A startup has developed systems and tools that allow farmers to grow salt-tolerant crops in artificial salt marshes
Spotted: Climate change is leading to the increased scarcity of fresh water – just as food production needs to increase. According to one study by the Food and Agriculture Organization of the United Nations, increases in the global population will require raising overall food production by some 70 per cent between 2005 and 2050. Production in developing countries would need to almost double.
Scottish company Seawater Solutions has developed a novel approach to growing more food with less water, specialising in using seawater to grow salt-tolerant crops. Seawater Solutions takes flood-affected or degraded farmland and turns it into an artificial saltmarsh ecosystem by pumping seawater over the area or flooding it.
Farmers use the flooded land to grow crops, called halophytes, that thrive in waters with a high percentage of salt. Examples of halophyte crops include samphire, mangrove, and Salicornia. Some of these crops are in demand as food specialities, and others can be used to produce oil for cosmetics, as biofuels, or for fodder.

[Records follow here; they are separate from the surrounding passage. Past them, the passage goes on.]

(* Let $m\ge1$ and $0\le k\le m$. In $G_{m,k}$ put $A_i=a_{i+1}^{-1}a_i$ for $1\le i\le m$ and $B_j=a_{m+j+1}^{-1}a_j$ for $1\le j\le k$. Then the elements $A_1,\dots,A_m,B_1,\dots,B_k$ freely generate a free normal subgroup $F_{m+k}$ (the kernel of the homomorphism $G_{m,k}\to\mathbb Z$ sending every $a_i$ to $1$), and $G_{m,k}\cong F_{m+k}\rtimes_{\phi_{m,k}}\mathbb Z$ with $\mathbb Z=\langle a_1\rangle$, where the monodromy automorphism $\phi_{m,k}(x)=a_1xa_1^{-1}$ is given by $\phi_{m,k}(A_i)=A_1A_2\cdots A_{i-1}\,A_i\,A_{i-1}^{-1}\cdots A_1^{-1}$ for $1\le i\le m$ (so $\phi_{m,k}(A_1)=A_1$), and $\phi_{m,k}(B_j)=A_1A_2\cdots A_m\,(B_1B_2\cdots B_j)\,A_{j-1}^{-1}A_{j-2}^{-1}\cdots A_1^{-1}$ for $1\le j\le k$ (so $\phi_{m,k}(B_1)=A_1\cdots A_mB_1$). Furthermore, $\phi_{m,k}$ is the restriction of $\phi_{m,m}$ to $F_{m+k}$.
   Context: $G_{m,k}=\langle a_1,\dots,a_{m+k+1}\mid [a_i,a_{i+1}]=1\ (1\le i\le m),\ a_{m+j+1}^{-1}a_ja_{m+j+1}=a_{m+j}\ (1\le j\le k)\rangle$. *)

From Stdlib Require Import ZArith Arith.

Record group := Group {
  gcar :> Type;
  gmul : gcar -> gcar -> gcar;
  gone : gcar;
  ginv : gcar -> gcar;
  gmulA : forall x y z, gmul x (gmul y z) = gmul (gmul x y) z;
  gmul1 : forall x, gmul gone x = x;
  gmulg1 : forall x, gmul x gone = x;
  gmulV : forall x, gmul (ginv x) x = gone;
  gmulgV : forall x, gmul x (ginv x) = gone
}.
Arguments gmul {g}. Arguments gone {g}. Arguments ginv {g}.

Definition is_hom (G H : group) (f : G -> H) : Prop :=
  forall x y : G, f (gmul x y) = gmul (f x) (f y).

Fixpoint npow {G : group} (x : G) (n : nat) : G :=
  match n with 0 => gone | S n => gmul (npow x n) x end.
Definition zpow {G : group} (x : G) (z : Z) : G :=
  match z with
  | Z0 => gone
  | Zpos p => npow x (Pos.to_nat p)
  | Zneg p => ginv (npow x (Pos.to_nat p))
  end.

Fixpoint gprod {G : group} (f : nat -> G) (n : nat) : G :=
  match n with 0 => gone | S n => gmul (gprod f n) (f (S n)) end.

Inductive gen {G : group} (S : G -> Prop) : G -> Prop :=
  | gen_base x : S x -> gen S x
  | gen_one : gen S gone
  | gen_mul x y : gen S x -> gen S y -> gen S (gmul x y)
  | gen_inv x : gen S x -> gen S (ginv x).

Definition gen_fam {G : group} (n : nat) (s : nat -> G) : G -> Prop :=
  gen (fun x => exists i, i < n /\ x = s i).

Definition freely_generates {G : group} (n : nat) (s : nat -> G) : Prop :=
  forall (H : group) (t : nat -> H),
    (exists f : G -> H,
       (forall x y, gen_fam n s x -> gen_fam n s y -> f (gmul x y) = gmul (f x) (f y))
       /\ (forall i, i < n -> f (s i) = t i))
    /\ (forall f1 f2 : G -> H,
          (forall x y, gen_fam n s x -> gen_fam n s y -> f1 (gmul x y) = gmul (f1 x) (f1 y)) ->
          (forall x y, gen_fam n s x -> gen_fam n s y -> f2 (gmul x y) = gmul (f2 x) (f2 y)) ->
          (forall i, i < n -> f1 (s i) = t i) ->
          (forall i, i < n -> f2 (s i) = t i) ->
          forall x, gen_fam n s x -> f1 x = f2 x).

Definition Gmk_rels (m k : nat) (G : group) (a : nat -> G) : Prop :=
  (forall i, 1 <= i <= m -> gmul (a i) (a (i + 1)) = gmul (a (i + 1)) (a i)) /\
  (forall j, 1 <= j <= k ->
     gmul (gmul (ginv (a (m + j + 1))) (a j)) (a (m + j + 1)) = a (m + j)).

Definition presents_Gmk (m k : nat) (G : group) (a : nat -> G) : Prop :=
  Gmk_rels m k G a /\
  forall (H : group) (b : nat -> H), Gmk_rels m k H b ->
    (exists f : G -> H, is_hom G H f /\ forall i, 1 <= i <= m + k + 1 -> f (a i) = b i) /\
    (forall f1 f2 : G -> H, is_hom G H f1 -> is_hom G H f2 ->
       (forall i, 1 <= i <= m + k + 1 -> f1 (a i) = b i) ->
       (forall i, 1 <= i <= m + k + 1 -> f2 (a i) = b i) ->
       forall x, f1 x = f2 x).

Halophyte crops also provide protection against erosion and carbon sequestration – the plants absorb 30 times more carbon than rainforests do. Seawater Solutions estimates that farmers who adopt their artificial ecosystems could sell €2,600 worth of carbon credits per year for each hectare farmed. On top of this, Seawater’s artificial salt marshes are powered entirely by renewable energy systems.
Climate change has given a new urgency to finding solutions. Recent ideas spotted by Springwise include a greenhouse designed to grow crops in hot, dry climates and using extremophile bacteria to improve crop yields.